Thanks to smokinstevo27 for the recipe. I  took the broccoli florets and put them in a pyrex dish and added sliced fresh garlic and shallot, some Goya lemon pepper salt, olive oil and some fresh sliced lemon on top. I covered in foil and put in the roaster oven till done “Al Dente” on the florets. I forgot I didn’t have any parm in the fridge, oh well next time. This dish rocks for sure.


----------



## smokinstevo27 (Jul 2, 2011)

Oh man! That looks great. The shallots are a nice twist, I'll have to try that next time.


----------



## adiochiro3 (Jul 2, 2011)

Meateater -- where's the *MEAT*???!!!!! 
	

	
	
		
		



		
		
	


	





   The veggie dish looks great!  Hope ya aren't going vegetarian on us though!  
	

	
	
		
		



		
		
	


	





   "Vegetarian" is just an old Indian word for "bad hunter."


----------



## meateater (Jul 2, 2011)

smokinstevo27 said:


> Oh man! That looks great. The shallots are a nice twist, I'll have to try that next time.

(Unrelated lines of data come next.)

(* ---------- Primal LP with present variables given by Lb, Mb, L'
   (RMP; the MP is the special case where everything is present).
   Variables x, y are total functions; components of absent variables are
   ignored. *)
Definition prim_feasible (Lb : B -> {set Lt}) (Mb : B -> Lt -> {set Mt})
    (L' : {set Lt}) (x : B -> Lt -> Mt -> R) (y : Lt -> R) (p : R) : Prop :=
  (forall b l m, l \in Lb b -> m \in Mb b l -> 0 <= x b l m) /\
  (forall l, l \in L' -> 0 <= y l) /\
  0 <= p /\
  (* alpha_b *)
  (forall b, \sum_(l in Lb b) \sum_(m in Mb b l) x b l m = 1) /\
  (* beta_{b,l} *)
  (forall b l, l \in Lb b -> 0 <= y l - \sum_(m in Mb b l) x b l m) /\
  (* gamma *)
  - (k%:R) <= - \sum_(l in L') y l /\
  (* delta_l *)
  (forall l, l \in L' ->
     0 <= \sum_(b : B | l \in Lb b) \sum_(m in Mb b l) x b l m - y l) /\
  (* mu *)
  1 <= \sum_(l in L' :\: L'') y l + p /\
  (* phi *)
  Ilo <= \sum_(b : B) \sum_(l in Lb b) \sum_(m in Mb b l) coef m l * x b l m /\
  (* psi *)
  - Ihi <= - \sum_(b : B) \sum_(l in Lb b) \sum_(m in Mb b l) coef m l * x b l m.

Definition prim_obj (Lb : B -> {set Lt}) (Mb : B -> Lt -> {set Mt})
    (x : B -> Lt -> Mt -> R) (p : R) : R :=
  \sum_(b : B) \sum_(l in Lb b) \sum_(m in Mb b l) c b l m * x b l m + P * p.

Definition prim_optimal Lb Mb L' x y p : Prop :=
  prim_feasible Lb Mb L' x y p /\
  forall x' y' p', prim_feasible Lb Mb L' x' y' p' ->
    prim_obj Lb Mb x p <= prim_obj Lb Mb x' p'.

Definition mp_optimal x y p : Prop :=
  prim_optimal (fun _ => setT) (fun _ _ => setT) setT x y p.

Definition dual_xcons (alpha : B -> R) (beta : B -> Lt -> R) (delta : Lt -> R)
    (phi psi : R) (b : B) (l : Lt) (m : Mt) : Prop :=
  alpha b - beta b l + delta l + coef m l * (phi - psi) <= c b l m.

Definition dual_feasible (Lb : B -> {set Lt}) (Mb : B -> Lt -> {set Mt})
    (L' : {set Lt}) (alpha : B -> R) (beta : B -> Lt -> R) (gamma : R)
    (delta : Lt -> R) (mu phi psi : R) : Prop :=
  (forall b l, l \in Lb b -> 0 <= beta b l) /\
  0 <= gamma /\
  (forall l, l \in L' -> 0 <= delta l) /\
  0 <= mu /\ 0 <= phi /\ 0 <= psi /\
  (forall b l m, l \in Lb b -> m \in Mb b l ->
     dual_xcons alpha beta delta phi psi b l m) /\
  (forall l, l \in L' ->
     \sum_(b : B | l \in Lb b) beta b l - gamma - delta l + chi l * mu <= 0) /\
  mu <= P.

Definition dual_obj (alpha : B -> R) (gamma mu phi psi : R) : R :=
  \sum_(b : B) alpha b - k%:R * gamma + Ilo * phi - Ihi * psi + mu.

Definition dual_optimal Lb Mb L' alpha beta gamma delta mu phi psi : Prop :=
  dual_feasible Lb Mb L' alpha beta gamma delta mu phi psi /\
  forall alpha' beta' gamma' delta' mu' phi' psi',
    dual_feasible Lb Mb L' alpha' beta' gamma' delta' mu' phi' psi' ->
    dual_obj alpha' gamma' mu' phi' psi' <= dual_obj alpha gamma mu phi psi.

Definition dmp_feasible alpha beta gamma delta mu phi psi : Prop :=
  dual_feasible (fun _ => setT) (fun _ _ => setT) setT
    alpha beta gamma delta mu phi psi.

Definition fully_compensating alpha beta delta phi psi : Prop :=
  forall b l m, dual_xcons alpha beta delta phi psi b l m.

Definition cost_invariant_lifting (Lb : B -> {set Lt}) (L' : {set Lt})
    (alpha : B -> R) (beta : B -> Lt -> R) (gamma : R) (delta : Lt -> R)
    (mu phi psi : R)
    (alpha' : B -> R) (beta' : B -> Lt -> R) (gamma' : R) (delta' : Lt -> R)
    (mu' phi' psi' : R) : Prop :=
  alpha' = alpha /\ gamma' = gamma /\ mu' = mu /\ phi' = phi /\ psi' = psi /\
  (forall b l, l \in Lb b -> beta' b l = beta b l) /\
  (forall l, l \in L' -> delta' l = delta l) /\
  dual_obj alpha' gamma' mu' phi' psi' = dual_obj alpha gamma mu phi psi.

Definition beta_bar (Lb : B -> {set Lt}) (beta : B -> Lt -> R) b l : R :=
  if l \in Lb b then beta b l else 0.
Definition delta_bar (L' : {set Lt}) (delta : Lt -> R) l : R :=
  if l \in L' then delta l else 0.

Definition redcost (Lb : B -> {set Lt}) (L' : {set Lt}) (alpha : B -> R)
    (beta : B -> Lt -> R) (delta : Lt -> R) (phi psi : R) b l m : R :=
  c b l m - alpha b + beta_bar Lb beta b l - delta_bar L' delta l
    - coef m l * (phi - psi).

Definition beta_check (Lb : B -> {set Lt}) (L' : {set Lt}) (alpha : B -> R)
    (beta : B -> Lt -> R) (delta : Lt -> R) (phi psi : R) (b : B) (l : Lt) : R :=
  if l \in Lb b then beta b l
  else negpart (minf (fun m : Mt => redcost Lb L' alpha beta delta phi psi b l m)).
Definition delta_check (Lb : B -> {set Lt}) (L' : {set Lt}) (alpha : B -> R)
    (beta : B -> Lt -> R) (delta : Lt -> R) (phi psi : R) (l : Lt) : R :=
  if l \in L' then delta l
  else pospart (minf (fun bm : B * Mt =>
                        redcost Lb L' alpha beta delta phi psi bm.1 l bm.2)).

End MasterProblem.

(* Part (b) is weak LP duality: extending the RMP optimum by zeros gives an
   MP-feasible point of the same cost, so any DMP-feasible lifting of the
   DRMP optimum (which has that cost) certifies its optimality.
   For (a), a lifting only chooses the missing beta_{b,l} and delta_l, and the
   x-constraint at (b,l,m) reads cbar + (beta' - betabar) - (delta' - deltabar)
   >= 0.  Hence beta'_{b,l} >= (min_m cbar_{b,l,m})^- for l in L' \ L(b), and
   for l outside L' the y-constraint asks for sum_b beta'_{b,l} - delta'_l <=
   gamma - mu; with a_b := min_m cbar_{b,l,m}, the least value of
   sum_b (d - a_b)^+ - d over d >= 0 is reached at d = (min_b a_b)^+.  So every
   admissible lifting forces the three conditions, and these say exactly that
   the characteristic lifting, which makes all these choices minimal, is
   admissible. *)

From HB Require Import structures.
From mathcomp Require Import all_boot all_order all_algebra.
From mathcomp Require Import ring lra.
Set Implicit Arguments. Unset Strict Implicit. Unset Printing Implicit Defensive.
Import Order.TTheory GRing.Theory Num.Theory.
Local Open Scope ring_scope.

Section PosNegParts.
Variable R : realDomainType.
Implicit Types t a : R.

Lemma negpart_ge0 t : 0 <= negpart t.
Proof. by rewrite /negpart le_max lexx orbT. Qed.

Lemma lerN_negpart t : - t <= negpart t.
Proof. by rewrite /negpart le_max lexx. Qed.

Lemma negpart_le t a : 0 <= a -> - t <= a -> negpart t <= a.
Proof. by rewrite /negpart ge_max => -> ->. Qed.

Lemma pospart_ge0 t : 0 <= pospart t.
Proof. by rewrite /pospart le_max lexx orbT. Qed.

Lemma ler_pospart t : t <= pospart t.
Proof. by rewrite /pospart le_max lexx. Qed.

Lemma pospart_le t a : 0 <= a -> t <= a -> pospart t <= a.
Proof. by rewrite /pospart ge_max => -> ->. Qed.

Lemma minf_le (T : finType) (f : T -> R) i : minf f <= f i.
Proof.
rewrite /minf; have : i \in enum T by rewrite mem_enum.
by case: (enum T) => [//|t0 _ _]; apply: bigmin_le.
Qed.

Lemma minf_attained (T : finType) (f : T -> R) (i0 : T) : exists i, minf f = f i.
Proof.
rewrite /minf; have : i0 \in enum T by rewrite mem_enum.
case: (enum T) => [//|t0 _ _].
apply: (big_ind (fun v => exists i, v = f i)); first by exists t0.
- by move=> _ _ [i ->] [j ->]; case: leP => _; [exists i | exists j].
- by move=> i _; exists i.
Qed.

End PosNegParts.

Lemma big_setT (R : Type) (idx : R) (op : R -> R -> R) (I : finType) (F : I -> R) :
  \big[op/idx]_(i in [set: I]) F i = \big[op/idx]_i F i.
Proof. by apply: eq_bigl => i; rewrite in_setT. Qed.

Section Compensation.
Variable R : realFieldType.

Lemma negpart_minf_le (J : finType) (f : J -> R) (u d : R) (j0 : J) :
  0 <= d -> 0 <= u -> (forall j, d <= f j + u) -> negpart (minf f) <= u.
Proof.
move=> d0 u0 hf; have [j ->] := minf_attained f j0.
by apply: negpart_le => //; have := hf j; lra.
Qed.

Lemma sum_negpart_minf_le (I J : finType) (f : I -> J -> R) (u : I -> R) (d : R)
    (i0 : I) (j0 : J) :
  0 <= d -> (forall i, 0 <= u i) -> (forall i j, d <= f i j + u i) ->
  \sum_i negpart (minf (f i)) - pospart (minf (fun ij : I * J => f ij.1 ij.2))
    <= \sum_i u i - d.
Proof.
move=> d0 u0 hf.
have [[i1 j1] /= ->] := minf_attained (fun ij : I * J => f ij.1 ij.2) (i0, j0).
rewrite (bigD1 i1) //= [X in _ <= X - _](bigD1 i1) //=.
have rest : \sum_(i | i != i1) negpart (minf (f i)) <= \sum_(i | i != i1) u i.
  by apply: ler_sum => i _; apply: (negpart_minf_le j0 d0).
have first : negpart (minf (f i1)) <= u i1 - d + pospart (f i1 j1).
  have [j2 ->] := minf_attained (f i1) j0.
  have := hf i1 j1; have := hf i1 j2.
  have := ler_pospart (f i1 j1); have := pospart_ge0 (f i1 j1).
  by move=> *; apply: negpart_le; lra.
lra.
Qed.

End Compensation.

Section WeakDuality.
Variables (R : realFieldType) (B S Mt Lt : finType).
Variables (mval : Mt -> nat) (lval : Lt -> S -> nat).
Variables (c : B -> Lt -> Mt -> R) (k : nat) (Ilo Ihi P : R).
Variables (L'' L' : {set Lt}) (Lb : B -> {set Lt}) (Mb : B -> Lt -> {set Mt}).
Hypothesis hLb : forall b, Lb b \subset L'.

Local Notation coef := (coef mval lval).

Lemma sum_chi_mul (y : Lt -> R) :
  \sum_(l in L') chi L'' l * y l = \sum_(l in L' :\: L'') y l.
Proof.
rewrite [RHS](eq_bigl (fun l => (l \in L') && (l \notin L''))); last first.
  by move=> l; rewrite !inE andbC.
by rewrite big_mkcondr; apply: eq_bigr => l _; rewrite /chi; case: ifP => _;
  rewrite ?mul0r ?mul1r.
Qed.

Lemma dual_xcons_sum x al be de ph ps b l :
  (forall m, m \in Mb b l -> 0 <= x b l m) ->
  (forall m, m \in Mb b l -> dual_xcons mval lval c al be de ph ps b l m) ->
  (al b - be b l + de l) * \sum_(m in Mb b l) x b l m
    + (ph - ps) * \sum_(m in Mb b l) coef m l * x b l m
  <= \sum_(m in Mb b l) c b l m * x b l m.
Proof.
move=> x0 hxc; rewrite !mulr_sumr -big_split ler_sum // => m hm.
have slack := hxc m hm; rewrite /dual_xcons -subr_ge0 in slack.
rewrite -subr_ge0 /=.
have -> : c b l m * x b l m - ((al b - be b l + de l) * x b l m
    + (ph - ps) * (coef m l * x b l m))
  = (c b l m - (al b - be b l + de l + coef m l * (ph - ps))) * x b l m by ring.
exact: mulr_ge0 slack (x0 m hm).
Qed.

Lemma weak_duality x y p al be ga de mu ph ps :
  prim_feasible mval lval k Ilo Ihi L'' Lb Mb L' x y p ->
  dual_feasible mval lval c P L'' Lb Mb L' al be ga de mu ph ps ->
  dual_obj k Ilo Ihi al ga mu ph ps <= prim_obj c P Lb Mb x p.
Proof.
case=> x0 [y0 [p0 [hal [hbe [hga [hde [hmu [hphi hpsi]]]]]]]].
case=> be0 [ga0 [de0 [mu0 [ph0 [ps0 [hxc [hyc muP]]]]]]].
set X := fun b l => \sum_(m in Mb b l) x b l m.
set T := \sum_b \sum_(l in Lb b) \sum_(m in Mb b l) coef m l * x b l m in hphi hpsi *.
set D := fun b l => de l * X b l - be b l * y l.
have entry b l : l \in Lb b ->
    al b * X b l + D b l + (ph - ps) * \sum_(m in Mb b l) coef m l * x b l m
    <= \sum_(m in Mb b l) c b l m * x b l m.
  move=> hl; have : be b l * X b l <= be b l * y l.
    by apply: ler_wpM2l; [exact: be0 | have := hbe b l hl; rewrite /X; lra].
  have := dual_xcons_sum (x0 b l ^~ hl) (hxc b l ^~ hl).
  by rewrite /D /X; lra.
have cost : \sum_b al b + \sum_b \sum_(l in Lb b) D b l + (ph - ps) * T
            <= \sum_b \sum_(l in Lb b) \sum_(m in Mb b l) c b l m * x b l m.
  rewrite /T mulr_sumr -!big_split ler_sum // => b _.
  rewrite mulr_sumr -[al b]mulr1 -(hal b) mulr_sumr -!big_split ler_sum //.
  exact: entry.
have flow : - ga * \sum_(l in L') y l + mu * \sum_(l in L' :\: L'') y l
            <= \sum_b \sum_(l in Lb b) D b l.
  rewrite (exchange_big_dep (mem L')) /=; last by move=> b l _; apply/subsetP.
  rewrite -sum_chi_mul !mulr_sumr -big_split ler_sum // => l hl /=.
  rewrite /D big_split /= sumrN -mulr_sumr -mulr_suml.
  have : (\sum_(b | l \in Lb b) be b l) * y l <= (ga + de l - chi L'' l * mu) * y l.
    by apply: ler_wpM2r; [exact: y0 | have := hyc l hl; lra].
  have : de l * y l <= de l * \sum_(b | l \in Lb b) X b l.
    by apply: ler_wpM2l; [exact: de0 | have := hde l hl; rewrite /X; lra].
  lra.
have : ga * \sum_(l in L') y l <= ga * k%:R by apply: ler_wpM2l => //; lra.
have : mu <= mu * (\sum_(l in L' :\: L'') y l + p).
  by rewrite -{1}[mu]mulr1 ler_wpM2l.
have : mu * p <= P * p by apply: ler_wpM2r.
have : ph * Ilo <= ph * T by apply: ler_wpM2l.
have : ps * T <= ps * Ihi by apply: ler_wpM2l => //; lra.
rewrite /dual_obj /prim_obj; lra.
Qed.

End WeakDuality.

Section MasterProblem.
Variables (R : realFieldType) (B S Mt Lt : finType).
Variables (mval : Mt -> nat) (lval : Lt -> S -> nat).
Variables (c : B -> Lt -> Mt -> R) (k : nat) (Ilo Ihi P : R) (L'' : {set Lt}).

Local Notation full_Lb := (fun _ : B => [set: Lt]).
Local Notation full_Mb := (fun (_ : B) (_ : Lt) => [set: Mt]).

Lemma mp_optimal_of_duality x y p al be ga de mu ph ps :
  prim_feasible mval lval k Ilo Ihi L'' full_Lb full_Mb [set: Lt] x y p ->
  dmp_feasible mval lval c P L'' al be ga de mu ph ps ->
  prim_obj c P full_Lb full_Mb x p = dual_obj k Ilo Ihi al ga mu ph ps ->
  mp_optimal mval lval c k Ilo Ihi P L'' x y p.
Proof.
move=> feas dfeas eq_obj; split=> // x' y' p' feas'.
by rewrite eq_obj; apply: (weak_duality (fun=> subsetT _) feas' dfeas).
Qed.

End MasterProblem.

Section Extension.
Variables (R : realFieldType) (B S Mt Lt : finType).
Variables (mval : Mt -> nat) (lval : Lt -> S -> nat).
Variables (c : B -> Lt -> Mt -> R) (k : nat) (Ilo Ihi P : R).
Variables (L'' L' : {set Lt}) (Lb : B -> {set Lt}) (Mb : B -> Lt -> {set Mt}).
Hypothesis hLb : forall b, Lb b \subset L'.
Variables (x : B -> Lt -> Mt -> R) (y : Lt -> R).

Local Notation full_Lb := (fun _ : B => [set: Lt]).
Local Notation full_Mb := (fun (_ : B) (_ : Lt) => [set: Mt]).

Definition extend_x b l m := if (l \in Lb b) && (m \in Mb b l) then x b l m else 0.
Definition extend_y l := if l \in L' then y l else 0.

Lemma sum_extend_x (F : Mt -> R) b l :
  \sum_(m in [set: Mt]) F m * extend_x b l m
  = if l \in Lb b then \sum_(m in Mb b l) F m * x b l m else 0.
Proof.
rewrite big_setT /extend_x; case: (l \in Lb b) => /=.
  by rewrite [RHS]big_mkcond; apply: eq_bigr => m _; case: (m \in Mb b l); rewrite ?mulr0.
by rewrite big1 // => m; rewrite mulr0.
Qed.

Thanks Steve, that dish is a keeper. I wish I didn't forget the parm.  The lemon is the kicker! Awesome. 
	

	
	
		
		



		
		
	


	








adiochiro3 said:


> Meateater -- where's the *MEAT*???!!!!!
> 
> 
> 
> ...


Even meat needs some roughage now and then.


----------



## cowgirl (Jul 2, 2011)

Great looking broccoli!! Thanks for sharing the recipe.


----------



## smokinstevo27 (Jul 3, 2011)

The parm adds some nice salty, cheesy goodness. Try it next time! And your welcome.

 


meateater said:


> Thanks Steve, that dish is a keeper. I wish I didn't forget the parm.  The lemon is the kicker! Awesome.
> 
> 
> 
> ...


----------



## SmokinAl (Jul 3, 2011)

We love brocolli here too. The dish looks great, but i agree it would have been better with the parm., maybe a little mozz. too.


----------